WHAT IS EXPECTED: In the listing below, find the line with "(i : 'I_n) (b : bool)" and the line with "move=> Hil; apply/ffunP => x; rewrite !ffunE.". Repeat those two lines and all lines between them exactly.

DATA EXTRACTS:
Definition line_in {A : Type} {n : nat} (delta : A -> A -> Prop) (gam : cube A n)
    (i : 'I_n) (f : {ffun idx_minus i -> bool}) : Prop :=
  delta (gam (ext i false f)) (gam (ext i true f)).

Definition centrality_i {A : Type} {n : nat} (delta : A -> A -> Prop)
    (R : cube A n -> Prop) (i : 'I_n) : Prop :=
  forall gam, R gam ->
    (forall f : {ffun idx_minus i -> bool}, f != [ffun => true] -> line_in delta gam i f) ->
    line_in delta gam i [ffun => true].

Definition centrality {A : Type} {n : nat} (delta : A -> A -> Prop)
    (R : cube A n -> Prop) : Prop :=
  forall i : 'I_n, centrality_i delta R i.

From Stdlib Require Import Relations FunctionalExtensionality ProofIrrelevance
  IndefiniteDescription.
From mathcomp Require Import all_boot zify.

Set Implicit Arguments.
Unset Strict Implicit.
Unset Printing Implicit Defensive.

Definition upd {n : nat} (g : {ffun 'I_n -> bool}) (i : 'I_n) (b : bool)
  : {ffun 'I_n -> bool} := [ffun x => if x == i then b else g x].

Notation one := [ffun => true].

Section CubeCombinatorics.

Variable n : nat.
Implicit Types (g : {ffun 'I_n -> bool}) (i l : 'I_n).

Lemma upd_at g i b : upd g i b i = b.
Proof. by rewrite ffunE eqxx. Qed.

Lemma upd_ne g i b x : x != i -> upd g i b x = g x.
Proof. by rewrite ffunE => /negPf ->. Qed.

Lemma upd_comm g i l a b : i != l -> upd (upd g i a) l b = upd (upd g l b) i a.
Proof.
move=> Hil; apply/ffunP => x; rewrite !ffunE.
by case: (eqVneq x i) => [->|//]; rewrite (negPf Hil).
Qed.

Lemma upd_upd g i a b : upd (upd g i a) i b = upd g i b.
Proof. by apply/ffunP => x; rewrite !ffunE; case: (x == i). Qed.

Lemma upd_over g i l a b c : i != l -> upd (upd (upd g l b) i a) l c = upd (upd g i a) l c.
Proof. by move=> Hil; rewrite (upd_comm _ _ _ Hil) upd_upd -(upd_comm _ _ _ Hil). Qed.

Lemma upd_id g i b : g i = b -> upd g i b = g.
Proof. by move=> <-; apply/ffunP => x; rewrite !ffunE; case: eqP => [->|]. Qed.

Lemma ext_val i b f x (Hx : x != i) : ext i b f x = f (exist _ x Hx).
Proof. by rewrite ffunE insubT. Qed.

Lemma ext_at i b f : ext i b f i = b.
Proof. by rewrite ffunE insubN // negbK. Qed.

Lemma restr_ext i b f : restr i (ext i b f) = f.
Proof. by apply/ffunP => -[x Hx]; rewrite ffunE /= ext_val. Qed.

Lemma ext_restr_upd i b g : ext i b (restr i g) = upd g i b.
Proof.
apply/ffunP => x; rewrite !ffunE; case: insubP => [y Hy Hv|].
  by rewrite ffunE Hv (negPf Hy).
by rewrite negbK => ->.
Qed.

Lemma ext_restr i g : ext i (g i) (restr i g) = g.
Proof. by rewrite ext_restr_upd upd_id. Qed.

Lemma restr_one i : restr i one = one.
Proof. by apply/ffunP => y; rewrite !ffunE. Qed.

Lemma upd_one_id i j b : j != i -> upd (upd one i b) j true = upd one i b.
Proof. by move=> Hji; rewrite upd_id // upd_ne // ffunE. Qed.

Lemma restr_neq_one i g x : x != i -> g x = false -> restr i g != one.
Proof. by move=> Hx Hgx; apply/eqP => /ffunP /(_ (exist _ x Hx)); rewrite !ffunE Hgx. Qed.

Lemma restr_upd_eq l i g g' b :
  restr l g = restr l g' -> restr l (upd g i b) = restr l (upd g' i b).
Proof.
move=> E; apply/ffunP => y; rewrite !ffunE.
by case: eqP => // _; move/ffunP: E => /(_ y); rewrite !ffunE.
Qed.

Variable A : Type.
Implicit Types (gam : cube A n).

Lemma glue_ext l (a b : cube_minus A l) j f :
  glue l a b (ext l j f) = if j then b f else a f.
Proof. by rewrite /glue ext_at restr_ext. Qed.

Lemma face_glue l (a b : cube_minus A l) j :
  face l j (glue l a b) = if j then b else a.
Proof. by apply: functional_extensionality => f; rewrite /face glue_ext; case: j. Qed.

Lemma refl_glue l (a b : cube_minus A l) j :
  refl_cube l j (glue l a b) = if j then glue l b b else glue l a a.
Proof. by rewrite /refl_cube face_glue; case: j. Qed.

Lemma sym_glue l (a b : cube_minus A l) : sym_cube l (glue l a b) = glue l b a.
Proof. by rewrite /sym_cube !face_glue. Qed.

Lemma refl_eval i j gam : refl_cube i j gam = fun g => gam (upd g i j).
Proof.
apply: functional_extensionality => g.
by rewrite /refl_cube /glue /face ext_restr_upd; case: (g i).
Qed.

Lemma sym_eval i gam : sym_cube i gam = fun g => gam (upd g i (~~ g i)).
Proof.
apply: functional_extensionality => g.
by rewrite /sym_cube /glue /face !ext_restr_upd; case: (g i).
Qed.

Lemma line_upd (delta : A -> A -> Prop) i gam g :
  line_in delta gam i (restr i g) = delta (gam (upd g i false)) (gam (upd g i true)).
Proof. by rewrite /line_in !ext_restr_upd. Qed.

Lemma line_faces (delta : A -> A -> Prop) l gam f :
  line_in delta gam l f = delta (face l false gam f) (face l true gam f).
Proof. by []. Qed.

End CubeCombinatorics.

Inductive term_op {S : signature} (A : algebra S) (I : Type) : ((I -> A) -> A) -> Prop :=
  | term_op_var (k : I) : @term_op S A I (fun v => v k)
  | term_op_app (f : op_sym S) (args : 'I_(arity S f) -> (I -> A) -> A) :
      (forall j, @term_op S A I (args j)) ->
      @term_op S A I (fun v => interp A f (fun j => args j v)).
Arguments term_op {S} A {I}.
Arguments term_op_var {S A I} k.
Arguments term_op_app {S A I f args}.

Section TermOperations.

Variables (S : signature) (A : algebra S) (I : Type).

Definition term_op_alg : algebra S :=
  Algebra S {w : (I -> A) -> A | term_op A w}
    (fun f args => exist _ (fun v => interp A f (fun j => proj1_sig (args j) v))
       (term_op_app (fun j => proj2_sig (args j)))).

Lemma eval_term_op_alg (v : nat -> term_op_alg) (t : term S nat) :
  proj1_sig (eval_term term_op_alg v t) = fun e => eval_term A (fun k => proj1_sig (v k) e) t.
Proof.
elim: t => [//|f args IH] /=; apply: functional_extensionality => e /=.
by congr interp; apply: functional_extensionality => j; rewrite IH.
Qed.

Lemma term_op_alg_models (Sigma : term S nat -> term S nat -> Prop) :
  models Sigma A -> models Sigma term_op_alg.
Proof.
move=> HA s t Hst v; apply: eq_sig_hprop; first by move=> ? ? ?; apply: proof_irrelevance.
rewrite !eval_term_op_alg; apply: functional_extensionality => e; exact: HA.
Qed.

Lemma term_op_compat (delta : A -> A -> Prop) : is_congruence A delta ->
  forall w, term_op A w -> forall v v' : I -> A,
  (forall k, delta (v k) (v' k)) -> delta (w v) (w v').
Proof. by move=> [_ Hc] w; elim=> [//|f args _ IH] v v' H; apply: Hc => j; apply: IH. Qed.

Lemma term_op_closed n (R : cube A n -> Prop) : subuniverse_pow A R ->
  forall w, term_op A w -> forall X : I -> cube A n,
  (forall k, R (X k)) -> R (fun g => w (fun k => X k g)).
Proof.
move=> HR w; elim=> [//|f args _ IH] X HX.
exact: (HR f (fun j g => args j (fun k => X k g)) (fun j => IH j X HX)).
Qed.

Definition agree_on (T : Type) (pat : T -> I -> A) (x y : term_op_alg) : Prop :=
  forall t, proj1_sig x (pat t) = proj1_sig y (pat t).

Lemma agree_on_congruence (T : Type) (pat : T -> I -> A) :
  is_congruence term_op_alg (agree_on pat).
Proof.
split; first split.
- by move=> x t.
- by move=> x y z Hxy Hyz t; rewrite Hxy Hyz.
- by move=> x y Hxy t; rewrite Hxy.
- move=> f a b Hab t /=; congr interp.
  by apply: functional_extensionality => j; exact: Hab.
Qed.

End TermOperations.

Definition vec4 {T : Type} (a b c d : T) : 'I_4 -> T :=
  fun k => match nat_of_ord k with 0 => a | 1 => b | 2 => c | _ => d end.

Lemma vec4_forall (T : Type) (P : T -> Prop) a b c d :
  P a -> P b -> P c -> P d -> forall k, P (vec4 a b c d k).
Proof. by move=> Pa Pb Pc Pd [[|[|[|[|?]]]] ?]. Qed.

Lemma vec4_app (T U : Type) (X1 X2 X3 X4 : T -> U) g :
  (fun k => vec4 X1 X2 X3 X4 k g) = vec4 (X1 g) (X2 g) (X3 g) (X4 g).
Proof. by apply: functional_extensionality => -[[|[|[|[|?]]]] ?]. Qed.

Definition day_like {T : Type} (w : ('I_4 -> T) -> T) : Prop :=
  forall a b, w (vec4 a b b a) = a.

Lemma clos_trans_invariant (T : Type) (step : T -> T -> Prop) (P : T -> Prop) :
  (forall x y, step x y -> P x -> P y) ->
  forall x y, clos_trans T step x y -> P x -> P y.
Proof. by move=> Hstep x y; elim=> [u v /Hstep|u v w _ IH1 _ IH2] // /IH1 /IH2. Qed.

Section DayCriterion.

Variables (S : signature) (Sigma : term S nat -> term S nat -> Prop).
Hypothesis HV : cm_variety Sigma.
Variables (A : algebra S) (delta : A -> A -> Prop).
Hypotheses (HA : models Sigma A) (Hdelta : is_congruence A delta).

Lemma term_op_compat4 w : term_op A w -> forall a b c d a' b' c' d',
  delta a a' -> delta b b' -> delta c c' -> delta d d' ->
  delta (w (vec4 a b c d)) (w (vec4 a' b' c' d')).
Proof.
move=> Hw a b c d a' b' c' d' Ha Hb Hc Hd.
by apply: (term_op_compat Hdelta Hw) => -[[|[|[|[|?]]]] ?].
Qed.

(* In the algebra F of 4-ary term operations put
   alpha = ker(x,y,y,z), beta = ker(x,x,z,z), gamma = ker(x,y,y,x); the
   projections e0, e3 satisfy (e0,e3) in (alpha \/ beta) /\ gamma, so by
   modularity they are joined by an alpha \/ (beta /\ gamma)-path, along
   which "day_like and p delta w(p,p,r,r)" is invariant. *)
Lemma day_criterion (p q r : A) :
  (forall w, term_op A w -> day_like w ->
     delta (w (vec4 p p r r)) (w (vec4 p q q r))) -> delta p r.
Proof.
move=> Hday; have [[drefl dtrans dsym] _] := Hdelta.
pose F := term_op_alg A 'I_4.
pose alpha := agree_on (fun t : A * A * A => vec4 t.1.1 t.1.2 t.1.2 t.2).
pose beta := agree_on (fun t : A * A => vec4 t.1 t.1 t.2 t.2).
pose gamma := agree_on (fun t : A * A => vec4 t.1 t.2 t.2 t.1).
pose e k : F := exist _ (fun v => v k) (term_op_var k).
pose e0 := e (@Ordinal 4 0 isT); pose e1 := e (@Ordinal 4 1 isT).
pose e2 := e (@Ordinal 4 2 isT); pose e3 := e (@Ordinal 4 3 isT).
have Hjoin : con_join alpha beta e0 e3.
  apply: t_trans (t_step _ _ _ _ (or_intror (_ : beta e2 e3))) => //.
  apply: t_trans (t_step _ _ _ _ (or_introl (_ : alpha e1 e2))) => //.
  by apply: t_step; right.
have Hgamma : gamma e0 e3 by [].
have Hpath := HV (term_op_alg_models (I := 'I_4) HA) (agree_on_congruence _)
  (agree_on_congruence _) (agree_on_congruence _)
  (fun x y H t => H (t.1, t.2, t.1)) (conj Hjoin Hgamma).
pose P (x : F) := day_like (proj1_sig x) /\ delta p (proj1_sig x (vec4 p p r r)).
have HP0 : P e0 by split; last exact: drefl.
have [_ //] : P e3.
apply: clos_trans_invariant Hpath HP0 => x y [Hxy|[Hxy Hg]] [Dx Hx].
- have Dy : day_like (proj1_sig y) by move=> a b; rewrite -(Hxy (a, b, a)).
  split=> //; apply: (dtrans _ _ _ Hx); apply: (dtrans _ _ _ (Hday _ (proj2_sig x) Dx)).
  by rewrite (Hxy (p, q, r)); apply: dsym; exact: Hday (proj2_sig y) Dy.
- by split; [move=> a b; rewrite -(Hg (a, b)) | rewrite -(Hxy (p, r))].
Qed.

REPLY TO THE TASK:
Definition upd {n : nat} (g : {ffun 'I_n -> bool}) (i : 'I_n) (b : bool)
  : {ffun 'I_n -> bool} := [ffun x => if x == i then b else g x].

Notation one := [ffun => true].

Section CubeCombinatorics.

Variable n : nat.
Implicit Types (g : {ffun 'I_n -> bool}) (i l : 'I_n).

Lemma upd_at g i b : upd g i b i = b.
Proof. by rewrite ffunE eqxx. Qed.

Lemma upd_ne g i b x : x != i -> upd g i b x = g x.
Proof. by rewrite ffunE => /negPf ->. Qed.

Lemma upd_comm g i l a b : i != l -> upd (upd g i a) l b = upd (upd g l b) i a.
Proof.
move=> Hil; apply/ffunP => x; rewrite !ffunE.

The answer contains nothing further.